Tuesday, April 19, 2011

Cancer typifies unmoored instability: Pulitzer winner

New Delhi, April 19 (IANS) Cancer is often described as a 'modern' illness because its metaphors are so modern. It is a disease of overproduction, of fulminant growth tipped into the abyss of no control, says Pulitzer Prize winning writer and oncologist Siddhartha Mukherjee in his book, 'The Emperor of Maladies: A Biography of Cancer'.

'The notion of cancer as an affliction that belongs paradigmatically to the 20th century is reminiscent, as Susan Sontag argued so powerfully in her book, 'Illness as Metaphor', of another disease once considered emblematic of another era: Tuberculosis in the 19th century,' Mukherjee compares.

'Both drain vitality, both stretch out the encounter with death, in both cases 'dying', even more than death, defines the illness,' Mukherjee says.

According to the specialist, 'cancer is an expansionist disease'.

It invades the tissue; 'sets up colonies in hostile landscapes, seeking sanctuary in one organ and then migrating to another.

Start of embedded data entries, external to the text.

(* Let $P(z^1,\dots,z^d)$ be a polynomial in $d$ variables with real coefficients. The $N\times N$ matrix $P(W^{(1)},\dots,W^{(d)})$ has full rank $N$ if and only if the constant term of $P$ is nonzero.
   Context: For $k=1,\dots,d$, $a_k=x^k_0<\dots<x^k_{n_k}=b_k$ is a partition of $[a_k,b_k]$ with $n_k\ge1$, $l^k_j$ its Lagrange basis polynomials, and $\hat Z^{(k)}$ the $(n_k+1)\times(n_k+1)$ matrix with $\hat Z^{(k)}_{j,i}=(l^k_i)'(x^k_j)$. $N=(n_1+1)\cdots(n_d+1)$ and $W^{(\alpha)}=I_{n_1+1}\otimes\dots\otimes I_{n_{\alpha-1}+1}\otimes\hat Z^{(\alpha)}\otimes I_{n_{\alpha+1}+1}\otimes\dots\otimes I_{n_d+1}$ (these matrices pairwise commute, so $P(W^{(1)},\dots,W^{(d)})$ is well defined, the constant term being multiplied by the $N\times N$ identity). *)

From HB Require Import structures.
From mathcomp Require Import all_boot all_order all_algebra.
Set Implicit Arguments. Unset Strict Implicit. Unset Printing Implicit Defensive.
Import Order.TTheory GRing.Theory Num.Theory.
Local Open Scope ring_scope.

(* Decomposition of a row-major index of 'I_(m*n) into a pair (i, j),
   i.e. the index i*n + j corresponds to (i, j); inverse of mxvec_index. *)
Definition kidx (m n : nat) (k : 'I_(m * n)) : 'I_m * 'I_n :=
  enum_val (cast_ord (esym (mxvec_cast m n)) k).

Lemma kidx_mxvec_index (m n : nat) (i : 'I_m) (j : 'I_n) :
  kidx (mxvec_index i j) = (i, j).
Proof. by rewrite /kidx /mxvec_index cast_ordK enum_rankK. Qed.

Definition kron (R : pzRingType) m1 n1 m2 n2
  (A : 'M[R]_(m1, n1)) (B : 'M[R]_(m2, n2)) : 'M[R]_(m1 * m2, n1 * n2) :=
  \matrix_(i, j) (A (kidx i).1 (kidx j).1 * B (kidx i).2 (kidx j).2).

Definition lagr (R : fieldType) (n : nat) (x : nat -> R) (i : nat) : {poly R} :=
  \prod_(m < n.+1 | (m : nat) != i) (('X - (x m)%:P) * ((x i - x m)^-1)%:P).

Definition Zhat (R : fieldType) (n : nat) (x : nat -> R) : 'M[R]_(n.+1) :=
  \matrix_(j, i) ((lagr n x i)^`()).[x j].

Fixpoint Ndim (n : nat -> nat) (d : nat) : nat :=
  if d is d'.+1 then (Ndim n d' * (n d').+1)%N else 1%N.

(* W^(alpha) = I (x) ... (x) I (x) Zhat^(alpha) (x) I (x) ... (x) I  (d factors,
   alpha is 0-based: alpha < d; x k are the nodes of the k-th partition,
   n k its number of subintervals). *)
Fixpoint Wmat (R : fieldType) (n : nat -> nat) (x : nat -> nat -> R)
  (d alpha : nat) : 'M[R]_(Ndim n d) :=
  if d is d'.+1 then
    if alpha == d' then kron (1%:M : 'M[R]_(Ndim n d')) (Zhat (n d') (x d'))
    else kron (Wmat n x d' alpha) (1%:M : 'M[R]_((n d').+1))
  else 1%:M.

(* A real polynomial in d variables, given by its coefficients c e on
   exponent vectors e : 'I_d -> {0..D} (every polynomial is of this form for
   D large enough), evaluated at the commuting matrices W^(1..d). *)
Definition polyW (R : fieldType) (n : nat -> nat) (x : nat -> nat -> R)
  (d D : nat) (c : {ffun 'I_d -> 'I_D.+1} -> R) : 'M[R]_(Ndim n d) :=
  \sum_(e : {ffun 'I_d -> 'I_D.+1})
     c e *: \prod_(k < d) (Wmat n x d k) ^+ (e k).

Definition const_exp (d D : nat) : {ffun 'I_d -> 'I_D.+1} := [ffun _ => ord0].

(* Each Zhat^(k) is the matrix of differentiation of polynomials of degree
   at most n_k, written in the coordinates given by their values at the
   nodes (Lagrange interpolation); hence Zhat^(k) ^+ (n_k + 1) = 0.  The
   W^(alpha), Kronecker products of one Zhat^(k) with identities, are thus
   pairwise commuting nilpotent matrices, so P(W^(1), ..., W^(d)) is
   P(0) I + M with M nilpotent.  Such a matrix is invertible iff P(0) != 0:
   if P(0) != 0 a finite geometric series inverts it, and a nilpotent
   matrix of positive size is singular. *)

From HB Require Import structures.
From mathcomp Require Import all_boot all_order all_algebra.
Set Implicit Arguments. Unset Strict Implicit. Unset Printing Implicit Defensive.
Import Order.TTheory GRing.Theory Num.Theory.
Local Open Scope ring_scope.

Section Nilpotent.
Variable T : pzRingType.

Definition nilpotent (a : T) := exists m, a ^+ m = 0.

Lemma nilpotentX a k : nilpotent a -> (0 < k)%N -> nilpotent (a ^+ k).
Proof.
move=> [m am] k_gt0; exists m.
by rewrite -exprM mulnC exprM am expr0n; case: k k_gt0.
Qed.

Lemma nilpotentMl a b : GRing.comm a b -> nilpotent a -> nilpotent (a * b).
Proof. by move=> ab [m am]; exists m; rewrite exprMn_comm // am mul0r. Qed.

Lemma nilpotentMr a b : GRing.comm a b -> nilpotent b -> nilpotent (a * b).
Proof. by move=> ab [m bm]; exists m; rewrite exprMn_comm // bm mulr0. Qed.

Lemma nilpotentD a b :
  GRing.comm a b -> nilpotent a -> nilpotent b -> nilpotent (a + b).
Proof.
move=> ab [m am] [l bl]; exists (m + l)%N; rewrite exprDn_comm //.
have expr_eq0_ge x k j : x ^+ k = 0 -> (k <= j)%N -> x ^+ j = 0 :> T.
  by move=> xk /subnKC <-; rewrite exprD xk mul0r.
apply: big1 => i _; have [li|il] := leqP l i.
  by rewrite (expr_eq0_ge b l i) // mulr0 mul0rn.
by rewrite (expr_eq0_ge a m) ?mul0r ?mul0rn // -addnBA ?leq_addr // ltnW.
Qed.

Lemma nilpotent_sum (I : finType) (P : pred I) (F : I -> T) :
    (forall i j, P i -> P j -> GRing.comm (F i) (F j)) ->
    (forall i, P i -> nilpotent (F i)) ->
  nilpotent (\sum_(i | P i) F i).
Proof.
move=> F_comm F_nil.
suff [] : nilpotent (\sum_(i | P i) F i) /\
          forall j, P j -> GRing.comm (F j) (\sum_(i | P i) F i) by [].
apply: (big_rec (fun s => nilpotent s /\ forall j, P j -> GRing.comm (F j) s)).
  by split=> [|j _]; [exists 1%N; rewrite expr1 | exact: commr0].
move=> i s Pi [s_nil s_comm]; split=> [|j Pj].
  exact: nilpotentD (s_comm i Pi) (F_nil i Pi) s_nil.
by apply: commrD; [exact: F_comm | exact: s_comm].
Qed.

Lemma nilpotent_1subr_rinv a : nilpotent a -> exists b, (1 - a) * b = 1.
Proof.
move=> [m am]; exists (\sum_(i < m) a ^+ i).
by apply: oppr_inj; rewrite -mulNr opprB -subrX1 am sub0r.
Qed.

Variables (d : nat) (W : 'I_d -> T).
Hypothesis W_comm : forall i j, GRing.comm (W i) (W j).

Lemma comm_monomial (e e' : 'I_d -> nat) :
  GRing.comm (\prod_(k < d) W k ^+ e k) (\prod_(k < d) W k ^+ e' k).
Proof.
apply: commr_prod => k _; apply/commr_sym/commr_prod => j _.
exact/commrX/commr_sym/commrX.
Qed.

Lemma nilpotent_monomial (e : 'I_d -> nat) k0 :
  nilpotent (W k0) -> (0 < e k0)%N -> nilpotent (\prod_(k < d) W k ^+ e k).
Proof.
move=> W_nil e_gt0; set F := fun k => W k ^+ e k.
have F_comm k s : GRing.comm (F k) (\prod_(j <- s) F j).
  by apply: commr_prod => j _; exact/commrX/commr_sym/commrX.
suff prod_nil s : k0 \in s -> nilpotent (\prod_(k <- s) F k).
  by apply: prod_nil; rewrite mem_index_enum.
elim: s => [//|k s IHs]; rewrite in_cons big_cons => /predU1P[<-|k0s].
  exact: nilpotentMl (F_comm _ _) (nilpotentX W_nil e_gt0).
exact: nilpotentMr (F_comm _ _) (IHs k0s).
Qed.

End Nilpotent.

Section NilpotentMatrix.
Variables (K : fieldType) (N : nat).
Implicit Types (a : K) (M : 'M[K]_N).

Lemma commZmx a b (A B : 'M[K]_N) :
  GRing.comm A B -> GRing.comm (a *: A) (b *: B).
Proof.
by rewrite /GRing.comm -!mulmxE -!scalemxAl -!scalemxAr !scalerA mulrC => ->.
Qed.

Lemma nilpotentZmx a M : nilpotent M -> nilpotent (a *: M).
Proof.
rewrite -mul_scalar_mx mulmxE; apply: nilpotentMr.
by rewrite /GRing.comm -!mulmxE scalar_mxC.
Qed.

Lemma unitmx_scalar_addr_nilpotent a M : (0 < N)%N -> nilpotent M ->
  (a *: (1 : 'M[K]_N) + M \in unitmx) = (a != 0).
Proof.
move=> N_gt0 M_nil; have [->|a_neq0] := eqVneq a 0.
  rewrite scale0r add0r; apply/negP => M_unit; have [m Mm] := M_nil.
  have : M ^+ m \in unitmx.
    elim: m {Mm} => [|m IHm]; first by rewrite expr0 -idmxE unitmx1.
    by rewrite exprS -mulmxE unitmx_mul M_unit.
  by rewrite Mm => /mxrank_unit; rewrite mxrank0 => N0; rewrite -N0 in N_gt0.
have [b Mb] := nilpotent_1subr_rinv (nilpotentZmx (- a^-1) M_nil).
have -> : a *: (1 : 'M[K]_N) + M = a *: (1 - (- a^-1) *: M).
  by rewrite scalerBr scalerA mulrN divff // scaleNr scale1r opprK.
by rewrite unitmxZ ?unitfE //=; have [] := mulmx1_unit Mb.
Qed.

Variables (d : nat) (W : 'I_d -> 'M[K]_N).
Hypotheses (W_comm : forall i j, GRing.comm (W i) (W j))
           (W_nil : forall i, nilpotent (W i)).

Lemma nilpotent_polymx_nonconst D (c : {ffun 'I_d -> 'I_D.+1} -> K) :
  nilpotent (\sum_(e | e != const_exp d D) c e *: \prod_(k < d) W k ^+ e k).
Proof.
apply: nilpotent_sum => [e e' _ _|e e_nonconst].
  exact/commZmx/comm_monomial.
have [k ek_gt0] : exists k, (0 < e k)%N.
  apply/existsP; apply: contraR e_nonconst => /existsPn e0.
  apply/eqP/ffunP => k; apply: val_inj; rewrite ffunE /=.
  by apply/eqP; rewrite -leqn0 leqNgt e0.
exact/nilpotentZmx/(nilpotent_monomial W_comm (W_nil k) ek_gt0).
Qed.

End NilpotentMatrix.

Section Kronecker.
Variable R : comPzRingType.

Lemma kidxK m n : cancel (@kidx m n) (fun p => mxvec_index p.1 p.2).
Proof.
by move=> k; rewrite /kidx /mxvec_index -surjective_pairing enum_valK cast_ordKV.
Qed.

Lemma sum_kidx m n (F : 'I_m -> 'I_n -> R) :
  \sum_(k < m * n) F (kidx k).1 (kidx k).2 = \sum_i \sum_j F i j.
Proof.
rewrite pair_big (reindex (fun p : 'I_m * 'I_n => mxvec_index p.1 p.2)) /=.
  by apply: eq_bigr => p _; rewrite kidx_mxvec_index.
exists (@kidx m n) => [p _|k _]; last exact: kidxK.
by rewrite kidx_mxvec_index -surjective_pairing.
Qed.

Lemma mulmx_kron m1 n1 p1 m2 n2 p2 (A : 'M[R]_(m1, n1)) (B : 'M[R]_(m2, n2))
    (C : 'M[R]_(n1, p1)) (D : 'M[R]_(n2, p2)) :
  kron A B *m kron C D = kron (A *m C) (B *m D).
Proof.
apply/matrixP => i j; rewrite !mxE.
under eq_bigr do rewrite !mxE mulrACA.
rewrite (sum_kidx (fun a b => A (kidx i).1 a * C a (kidx j).1 *
                              (B (kidx i).2 b * D b (kidx j).2))).
by rewrite big_distrl; apply: eq_bigr => a _; rewrite big_distrr.
Qed.

Lemma kron1 m n : kron (1%:M : 'M[R]_m) (1%:M : 'M[R]_n) = 1%:M.
Proof.
apply/matrixP => i j; rewrite !mxE -natrM mulnb -xpair_eqE -!surjective_pairing.
by rewrite (can_eq (@kidxK m n)).
Qed.

Lemma kron0l m1 n1 m2 n2 (B : 'M[R]_(m2, n2)) : kron (0 : 'M[R]_(m1, n1)) B = 0.
Proof. by apply/matrixP => i j; rewrite !mxE mul0r. Qed.

Lemma kron0r m1 n1 m2 n2 (A : 'M[R]_(m1, n1)) : kron A (0 : 'M[R]_(m2, n2)) = 0.
Proof. by apply/matrixP => i j; rewrite !mxE mulr0. Qed.

Lemma expr_kron m n (A : 'M[R]_m) (B : 'M[R]_n) k :
  kron A B ^+ k = kron (A ^+ k) (B ^+ k).
Proof.
elim: k => [|k IHk]; first by rewrite !expr0 -!idmxE kron1.
by rewrite !exprS IHk -!mulmxE mulmx_kron.
Qed.

End Kronecker.

Lemma size_deriv_leq (R : nzRingType) (p : {poly R}) : (size p^`() <= size p)%N.
Proof. exact: leq_trans (size_poly _ _) (leq_pred _). Qed.

Section LagrangeBasis.
Variables (R : fieldType) (n : nat) (x : nat -> R).

Lemma size_lagr i : (i < n.+1)%N -> (size (lagr n x i) <= n.+1)%N.
Proof.
move=> i_lt; rewrite /lagr big_split /= -rmorph_prod mulrC mul_polyC.
apply: leq_trans (size_scale_leq _ _) _.
rewrite (eq_bigl (mem (predC1 (Ordinal i_lt)))) // -big_enum.
by rewrite size_prod_XsubC -cardE cardC1 card_ord.
Qed.

Hypothesis x_inj : {in [pred i | (i <= n)%N] &, injective x}.

Lemma lagr_node i j : (i < n.+1)%N -> (j < n.+1)%N ->
  (lagr n x i).[x j] = (i == j)%:R.
Proof.
move=> i_lt j_lt; rewrite /lagr horner_prod.
under eq_bigr do rewrite hornerM hornerXsubC hornerC.
have [<-|i_neq_j] := eqVneq i j.
  apply: big1 => m m_neq_i; apply: divff; rewrite subr_eq0.
  by apply: contra m_neq_i => /eqP/x_inj ->; rewrite ?inE // -ltnS.
rewrite (bigD1 (Ordinal j_lt)) 1?eq_sym //=.
by rewrite subrr !mul0r.
Qed.

Lemma lagrange_interpolation (q : {poly R}) : (size q <= n.+1)%N ->
  q = \sum_(i < n.+1) q.[x i] *: lagr n x i.
Proof.
move=> q_small; apply/eqP; rewrite -subr_eq0; apply/eqP.
apply: (@roots_geq_poly_eq0 _ _ [seq x i | i <- iota 0 n.+1]).
- apply/allP => y /mapP[i]; rewrite mem_iota => /andP[_ i_lt] ->.
  rewrite /root hornerD hornerN horner_sum subr_eq0 (bigD1 (Ordinal i_lt)) //=.
  rewrite big1 => [|[j j_lt] j_neq_i].
    by rewrite hornerZ (lagr_node i_lt i_lt) eqxx mulr1 addr0.
  by rewrite hornerZ (lagr_node j_lt i_lt) (negbTE (j_neq_i : j != i)) mulr0.
- rewrite map_inj_in_uniq ?iota_uniq // => i j; rewrite !mem_iota /=.
  by move=> i_lt j_lt; exact: x_inj.
rewrite size_map size_iota (leq_trans (size_polyD _ _)) //.
rewrite size_polyN geq_max q_small.
rewrite (leq_trans (size_sum _ _ _)) //; apply/bigmax_leqP => i _.
exact: leq_trans (size_scale_leq _ _) (size_lagr (ltn_ord i)).
Qed.

Definition evalcol (q : {poly R}) : 'cV[R]_n.+1 := \col_j q.[x j].

Lemma evalcol_lagr (j : 'I_n.+1) : evalcol (lagr n x j) = delta_mx j 0.
Proof.
apply/matrixP => i k; rewrite !mxE (lagr_node (ltn_ord j) (ltn_ord i)).
by rewrite [k]ord1 eqxx andbT eq_sym.
Qed.

Lemma mul_Zhat_evalcol (q : {poly R}) : (size q <= n.+1)%N ->
  Zhat n x *m evalcol q = evalcol q^`().
Proof.
move=> q_small; apply/matrixP => j k.
rewrite !mxE [in RHS](lagrange_interpolation q_small).
rewrite raddf_sum horner_sum; apply: eq_bigr => i _.
by rewrite !mxE /= derivZ hornerZ mulrC.
Qed.

Lemma mul_ZhatX_evalcol k (q : {poly R}) : (size q <= n.+1)%N ->
  Zhat n x ^+ k *m evalcol q = evalcol q^`(k).
Proof.
elim: k q => [|k IHk] q q_small; first by rewrite expr0 -idmxE mul1mx derivn0.
rewrite exprSr -mulmxE -mulmxA mul_Zhat_evalcol // IHk ?derivSn //.
exact: leq_trans (size_deriv_leq q) q_small.
Qed.

Lemma Zhat_nilpotent : Zhat n x ^+ n.+1 = 0.
Proof.
apply/matrixP => i j.
have -> : (Zhat n x ^+ n.+1) i j = col j (Zhat n x ^+ n.+1) i 0 by rewrite mxE.
rewrite colE -evalcol_lagr mul_ZhatX_evalcol ?size_lagr //.
by rewrite derivn_poly0 ?size_lagr // !mxE horner0.
Qed.

End LagrangeBasis.

Lemma incn_inj_le {disp : Order.disp_t} (T : porderType disp) m (y : nat -> T) :
    (forall j, (j < m)%N -> (y j < y j.+1)%O) ->
  {in [pred i | (i <= m)%N] &, injective y}.
Proof.
move=> y_incr; apply/inc_inj_in/Order.NatMonotonyTheory.incn_inP => [i j _|i _].
  by rewrite !inE => j_le k /andP[_ k_lt]; exact: leq_trans (ltnW k_lt) j_le.
by rewrite inE; apply: y_incr.
Qed.

Lemma Ndim_gt0 n d : (0 < Ndim n d)%N.
Proof. by elim: d => //= d IHd; rewrite muln_gt0 IHd. Qed.

Section CoordinateOperators.
Variables (R : fieldType) (n : nat -> nat) (x : nat -> nat -> R).

Lemma Wmat_comm d a b : (a < d)%N -> (b < d)%N ->
  GRing.comm (Wmat n x d a) (Wmat n x d b).
Proof.
elim: d a b => [//|d IHd] a b /=; rewrite !ltnS => a_le b_le.
rewrite /GRing.comm -!mulmxE.
case: eqP => [_|/eqP a_neq]; case: eqP => [_|/eqP b_neq];
  rewrite !mulmx_kron ?mul1mx ?mulmx1 //.
by rewrite !mulmxE IHd // ltn_neqAle ?a_neq ?b_neq.
Qed.

Lemma nilpotent_Wmat d a : (a < d)%N ->
  nilpotent (Zhat (n a) (x a)) -> nilpotent (Wmat n x d a).
Proof.
move=> a_lt [m Zm]; exists m.
elim: d a_lt => [//|d IHd]; rewrite ltnS /= => a_le.
case: eqP => [<-|/eqP a_neq]; first by rewrite expr_kron Zm kron0r.
by rewrite expr_kron IHd ?kron0l // ltn_neqAle a_neq.
Qed.

Lemma polyW_const_addr d D (c : {ffun 'I_d -> 'I_D.+1} -> R) :
  polyW n x c = c (const_exp d D) *: (1 : 'M[R]_(Ndim n d)) +
    \sum_(e | e != const_exp d D) c e *: \prod_(k < d) Wmat n x d k ^+ e k.
Proof.
rewrite /polyW (bigD1 (const_exp d D)) //=; congr (_ *: _ + _).
by apply: big1 => k _; rewrite ffunE expr0.
Qed.

End CoordinateOperators.

Theorem mainTheorem10 (R : realFieldType) (d : nat) (n : nat -> nat)
  (x : nat -> nat -> R)
  (hn : forall k, (k < d)%N -> (1 <= n k)%N)
  (hx : forall k j, (k < d)%N -> (j < n k)%N -> x k j < x k j.+1)
  (D : nat) (c : {ffun 'I_d -> 'I_D.+1} -> R) :
  (\rank (polyW n x c) = Ndim n d) <-> c (const_exp d D) != 0.
Proof.
have W_comm (i j : 'I_d) : GRing.comm (Wmat n x d i) (Wmat n x d j).
  exact: Wmat_comm.
have W_nil (i : 'I_d) : nilpotent (Wmat n x d i).
  apply: nilpotent_Wmat => //; exists (n i).+1.
  by apply/Zhat_nilpotent/incn_inj_le => j; apply: hx.
have := unitmx_scalar_addr_nilpotent (c (const_exp d D)) (Ndim_gt0 n d)
          (nilpotent_polymx_nonconst W_comm W_nil c).
by rewrite -polyW_const_addr -row_free_unit => <-; exact: (rwP eqP).
Qed.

'It lives dangerously, inventively, fiercely, territorially, cannily, and defensively - at times as if teaching us how to survive. To confront cancer is to confront another species, one perhaps more adapted to survive then even we are,' Mukherjee says.

In writing this book, he started off by imagining the project as a 'history' of cancer.

'But it felt inescapably as if I were not writing about something but about someone. My subject daily morphed into something that resembled an individual - an enigmatic, if somewhat deranged, image in a mirror. This was not so much a medical history of an illness, but something more personal, more visceral in biography,' he writes.

To begin with, every biographer must confront the birth of his subject, the writer says. 'Where was cancer born?' 'How old is cancer?'

In 1862, Edwin Smith, part scholar and part huckster, antique forger and Egyptologist, bought (some say stole) a 15-foot-long papyrus from an antique seller in Luxor in Egypt.

'The papyrus was in dreadful condition, still crumbling, yellow pages filled with cursive Egyptian writing. It is now thought to have been written in the 17th century BC, a transcription of a manuscript dating back to 2500 BC,' Mukherjee says.

Translated in 1930, the papyrus was thought to contain the collected teachings of Imhotep, a great Egyptian physician who lived around 2625 BC. The physician listed 48 cases of illnesses found during his time.

'Describing case forty-three, Imhotep advises, 'if you examine having bulging masses on breast; if you place your hand upon breast and find them to be cool, there being no fever, they have no granulations, contain no fluid, yet they feel protuberant to your touch, you should say (concerning him): This is a case of bulging masses I have to contend with',' Mukherjee says in his book.

Imhotep was referring to breast tumours.

And under the section therapy, he offered only a single sentence: 'There is none.'

Mukherjee says: 'In 500 BC, Persian Queen Atossa self-prescribes the most primitive form of mastectomy (for breast cancer) which was performed by her Greek slave.'

Atossa's disease and her war against it serves as the cornerstone for cancer research over the centuries - evolving with time.

The book is divided into seven chapters.

In the summer of 2003, after having completed his residency in medicine and graduate work in cancer immunology, Mukherjee began an advanced training in cancer medicine at the Dana Faber Institute and Massachusetts General Hospital in Boston.

'I had initially envisioned writing a journal of that year - a view from the trenches of cancer treatment. But the quest soon grew into a large exploratory journey that carried me into the depths not only of science and medicine, but of culture, history, literature and politics - into cancer's past and its future,' the writer says.

The book, published in India by Harper-Collins, is priced at Rs.499.